What is required:
Each line of the records below that includes "symmetry" adds one to the count; state the final count by itself.

==== Listed entries ====

(* Let $X\in C^\infty(\mathbb T;\mathbb R)$ have at least one zero and assume all its zeroes are non-degenerate (i.e. $X(x_0)=0\Rightarrow X'(x_0)\neq0$). Let $h(x,\xi):=\xi X(x)$ on $T^*\mathbb T\simeq\mathbb T\times\mathbb R$. Then there exist a function $a\in C^\infty(T^*\mathbb T\setminus\{\xi=0\};\mathbb R)$, positively homogeneous of degree one, and $\delta>0$ such that $$\{h,a\}(x,\xi)\ge\delta|\xi|\qquad\forall (x,\xi)\in T^*\mathbb T,\ \xi\neq0,$$ and there exists a non-empty open set $\mathcal W\subset\mathbb T$ such that $a(x,\xi)\le-\frac{|\xi|}2$ for all $x\in\mathcal W$ and $\xi\neq0$.
   Context: $\mathbb T:=\mathbb R/2\pi\mathbb Z$. Poisson bracket: $\{h,f\}:=\partial_\xi h\,\partial_xf-\partial_xh\,\partial_\xi f$. A function $f$ on $T^*\mathbb T\setminus\{\xi=0\}$ is positively homogeneous of degree $\rho$ if $f(x,\lambda\xi)=\lambda^\rho f(x,\xi)$ for all $\lambda>0$. A function $a$ with the stated properties is called an escape function for $h$. *)

From Stdlib Require Import Reals Lra List.
From Coquelicot Require Import Coquelicot.
Open Scope R_scope.

(* Functions on T = R/2piZ are represented as 2pi-periodic functions on R
   (in the first variable for functions on T^*T = T x R). *)
Definition periodic1 (f : R -> R) : Prop := forall x, f (x + 2 * PI) = f x.
Definition periodic2 (f : R -> R -> R) : Prop :=
  forall x xi, f (x + 2 * PI) xi = f x xi.

Definition smooth1 (f : R -> R) : Prop :=
  forall (n : nat) (x : R), ex_derive (Derive_n f n) x.

(* Iterated partial derivative along a word of directions
   (true = d/dx, false = d/dxi), innermost derivative last in the list. *)
Fixpoint pderiv (w : list bool) (f : R -> R -> R) : R -> R -> R :=
  match w with
  | nil => f
  | b :: w' =>
      let g := pderiv w' f in
      if b then fun x xi => Derive (fun t => g t xi) x
      else fun x xi => Derive (fun e => g x e) xi
  end.

Definition smooth2_on (U : R -> R -> Prop) (f : R -> R -> R) : Prop :=
  forall w : list bool, forall x xi, U x xi ->
    ex_derive (fun t => pderiv w f t xi) x /\
    ex_derive (fun e => pderiv w f x e) xi /\
    continuous (fun p : R * R => pderiv w f (fst p) (snd p)) (x, xi).

Definition off_zero (x xi : R) : Prop := xi <> 0.

Definition pos_homogeneous (rho : R) (f : R -> R -> R) : Prop :=
  forall x xi lam, xi <> 0 -> 0 < lam -> f x (lam * xi) = Rpower lam rho * f x xi.

Definition poisson (h f : R -> R -> R) (x xi : R) : R :=
  Derive (fun e => h x e) xi * Derive (fun t => f t xi) x
  - Derive (fun t => h t xi) x * Derive (fun e => f x e) xi.

From Stdlib Require Import Reals Lra Lia ZArith List Classical.
From Coquelicot Require Import Coquelicot.
Open Scope R_scope.

(* For the symbol a(x, xi) = |xi| q(x) one has {h, a} = |xi| (X q' - X' q), so it suffices
   to find a smooth periodic q with X q' - X' q >= delta > 0 that is negative somewhere.
   With q = - X' + X V this Wronskian equals X'^2 - X X'' + X^2 V'.  Nondegeneracy of the
   zeroes gives X'^2 + X^2 >= c > 0, hence X'^2 - X X'' + A X^2 >= 3c/4 for A large, and it
   remains to choose V' = w periodic of mean zero with X^2 w >= A X^2 - c/4.  Take
   w = B (J / 2pi - 1 / (X^2 + eta)) with J the mean of 1 / (X^2 + eta) over a period:
   near a zero of X this integrand is of size 1/eta on an interval of length ~ sqrt eta,
   so J can be made as large as needed.  The constant of integration in V then makes q
   equal to -1 at a point where X does not vanish. *)

Fixpoint derivable_upto (n : nat) (f : R -> R) : Prop :=
  (forall x, ex_derive f x) /\
  match n with O => True | S k => derivable_upto k (Derive f) end.

Definition smooth (f : R -> R) : Prop := forall n, derivable_upto n f.

Lemma smooth_ex_derive f : smooth f -> forall x, ex_derive f x.
Proof. intros H; exact (proj1 (H O)). Qed.

Lemma smooth_is_derive f : smooth f -> forall x, is_derive f x (Derive f x).
Proof. intros H x; apply Derive_correct, smooth_ex_derive, H. Qed.

Lemma smooth_continuous f : smooth f -> forall x, continuous f x.
Proof. intros H x; apply (ex_derive_continuous f), smooth_ex_derive, H. Qed.

Lemma smooth_Derive f : smooth f -> smooth (Derive f).
Proof. intros H n; exact (proj2 (H (S n))). Qed.

Lemma derivable_upto_ext n : forall f g,
  (forall x, f x = g x) -> derivable_upto n f -> derivable_upto n g.
Proof.
induction n as [|n IH]; intros f g E [Hd Hn]; split;
  try (intro x; apply ex_derive_ext with f; auto); auto.
apply IH with (Derive f); auto. intro x; apply Derive_ext; auto.
Qed.

Lemma smooth1_smooth f : smooth1 f <-> smooth f.
Proof.
split.
- intros H n; revert f H; induction n as [|n IH]; intros f H;
    split; try exact (H O); auto.
  apply IH; intros k x.
  apply ex_derive_ext with (Derive_n f (S k)); [|apply H].
  intro t; replace (S k) with (k + 1)%nat by lia; rewrite <- (Derive_n_comp f k 1); reflexivity.
- intros H n; revert f H; induction n as [|n IH]; intros f H x.
  + apply smooth_ex_derive, H.
  + apply ex_derive_ext with (Derive_n (Derive f) n).
    * intro t; rewrite (Derive_n_comp f n 1); replace (n + 1)%nat with (S n) by lia; reflexivity.
    * apply IH, smooth_Derive, H.
Qed.

Lemma derivable_upto_S n f : derivable_upto (S n) f -> derivable_upto n f.
Proof.
revert f; induction n as [|n IH]; intros f [Hd Hn]; split; auto.
Qed.

Lemma derivable_upto_const n c : derivable_upto n (fun _ => c).
Proof.
revert c; induction n as [|n IH]; intro c; split;
  try (intro; apply ex_derive_const); auto.
apply derivable_upto_ext with (fun _ => 0); auto.
intro; symmetry; apply Derive_const.
Qed.

Lemma derivable_upto_plus n : forall f g, derivable_upto n f -> derivable_upto n g ->
  derivable_upto n (fun x => f x + g x).
Proof.
induction n as [|n IH]; intros f g [Hf Hf'] [Hg Hg']; split;
  try (intro; apply (ex_derive_plus f g); auto); auto.
apply derivable_upto_ext with (fun x => Derive f x + Derive g x).
- intro; symmetry; apply Derive_plus; auto.
- apply IH; auto.
Qed.

Lemma derivable_upto_opp n : forall f, derivable_upto n f ->
  derivable_upto n (fun x => - f x).
Proof.
induction n as [|n IH]; intros f [Hf Hf']; split;
  try (intro; apply (ex_derive_opp f); auto); auto.
apply derivable_upto_ext with (fun x => - Derive f x).
- intro; symmetry; apply Derive_opp.
- apply IH; auto.
Qed.

Lemma derivable_upto_mult n : forall f g, derivable_upto n f -> derivable_upto n g ->
  derivable_upto n (fun x => f x * g x).
Proof.
induction n as [|n IH]; intros f g Hf Hg;
  destruct Hf as [Df Hf'], Hg as [Dg Hg']; split;
  try (intro; apply (ex_derive_mult f g); auto); auto.
apply derivable_upto_ext with (fun x => Derive f x * g x + f x * Derive g x).
- intro; symmetry; apply Derive_mult; auto.
- apply derivable_upto_plus; apply IH; auto; apply derivable_upto_S; split; auto.
Qed.

Lemma derivable_upto_inv n : forall f, (forall x, f x <> 0) -> derivable_upto n f ->
  derivable_upto n (fun x => / f x).
Proof.
induction n as [|n IH]; intros f Hnz [Df Hf']; split;
  try (intro; apply (ex_derive_inv f); auto); auto.
apply derivable_upto_ext with (fun x => - Derive f x * (/ f x * / f x)).
- intro x; rewrite Derive_inv; auto. field; auto.
- apply derivable_upto_mult; [apply derivable_upto_opp; auto|].
  apply derivable_upto_mult; apply IH; auto; apply derivable_upto_S; split; auto.
Qed.

Lemma smooth_const c : smooth (fun _ => c).
Proof. intro; apply derivable_upto_const. Qed.

Lemma smooth_plus f g : smooth f -> smooth g -> smooth (fun x => f x + g x).
Proof. intros Hf Hg n; apply derivable_upto_plus; auto. Qed.

Lemma smooth_opp f : smooth f -> smooth (fun x => - f x).
Proof. intros Hf n; apply derivable_upto_opp; auto. Qed.

Lemma smooth_minus f g : smooth f -> smooth g -> smooth (fun x => f x - g x).
Proof. intros Hf Hg; apply smooth_plus, smooth_opp; auto. Qed.

Lemma smooth_mult f g : smooth f -> smooth g -> smooth (fun x => f x * g x).
Proof. intros Hf Hg n; apply derivable_upto_mult; auto. Qed.

Lemma smooth_pow f n : smooth f -> smooth (fun x => f x ^ n).
Proof.
intro Hf; induction n as [|n IH]; [exact (smooth_const 1)|].
apply (smooth_mult f (fun x => f x ^ n)); auto.
Qed.

Lemma smooth_inv f : (forall x, f x <> 0) -> smooth f -> smooth (fun x => / f x).
Proof. intros Hnz Hf n; apply derivable_upto_inv; auto. Qed.

Lemma is_derive_RInt_continuous (w : R -> R) a : (forall x, continuous w x) ->
  forall x, is_derive (fun y => RInt w a y) x (w x).
Proof.
intros Hc x; apply (is_derive_RInt w (fun y => RInt w a y) a); auto.
apply filter_forall; intro b; apply (@RInt_correct R_CompleteNormedModule).
apply (@ex_RInt_continuous R_CompleteNormedModule); auto.
Qed.

Lemma smooth_RInt w a : smooth w -> smooth (fun y => RInt w a y).
Proof.
intros Hw n.
pose proof (is_derive_RInt_continuous w a (smooth_continuous w Hw)) as D.
destruct n as [|n]; split; auto; try (intro x; eexists; apply D).
apply derivable_upto_ext with w; auto.
intro x; symmetry; apply is_derive_unique, D.
Qed.

Lemma smooth_ex_RInt f a b : smooth f -> ex_RInt f a b.
Proof.
intro H; apply (@ex_RInt_continuous R_CompleteNormedModule).
intros; apply smooth_continuous, H.
Qed.

Lemma is_derive_shift (f : R -> R) x c l :
  is_derive f (x + c) l -> is_derive (fun y => f (y + c)) x l.
Proof.
intro H; replace l with (scal 1 l) by (change (1 * l = l); ring).
apply (is_derive_comp f (fun y => y + c)); auto. auto_derive; auto.
Qed.

Lemma periodic1_Derive f : smooth f -> periodic1 f -> periodic1 (Derive f).
Proof.
intros S P x.
assert (H : is_derive (fun y => f (y + 2 * PI)) x (Derive f (x + 2 * PI)))
  by (apply is_derive_shift, smooth_is_derive, S).
rewrite <- (is_derive_unique _ _ _ H); apply Derive_ext, P.
Qed.

Lemma periodic1_shift f : periodic1 f -> forall k x, f (x + IZR k * (2 * PI)) = f x.
Proof.
intros P k; induction k as [|k IH|k IH] using Z.peano_ind; intro x.
- f_equal; ring.
- rewrite <- (IH x), <- (P (x + IZR k * (2 * PI))), succ_IZR; f_equal; ring.
- rewrite <- (IH x), <- (P (x + IZR (Z.pred k) * (2 * PI))), <- Z.sub_1_r, minus_IZR; f_equal; ring.
Qed.

Lemma periodic1_reduce f : periodic1 f -> forall x, exists y, 0 <= y <= 2 * PI /\ f x = f y.
Proof.
intros P x. pose proof PI_RGT_0.
set (k := Int_part (x / (2 * PI))).
destruct (base_Int_part (x / (2 * PI))) as [H1 H2]; fold k in H1, H2.
exists (x + IZR (- k) * (2 * PI)); split; [|symmetry; apply periodic1_shift, P].
rewrite opp_IZR.
assert (IZR k * (2 * PI) <= x < (IZR k + 1) * (2 * PI)); [|lra].
split.
- apply Rmult_le_reg_r with (/ (2 * PI)); [apply Rinv_0_lt_compat; lra|].
  rewrite Rmult_assoc, Rinv_r by lra; lra.
- apply Rmult_lt_reg_r with (/ (2 * PI)); [apply Rinv_0_lt_compat; lra|].
  rewrite Rmult_assoc, Rinv_r by lra; unfold Rdiv in *; lra.
Qed.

====

Written solution:
6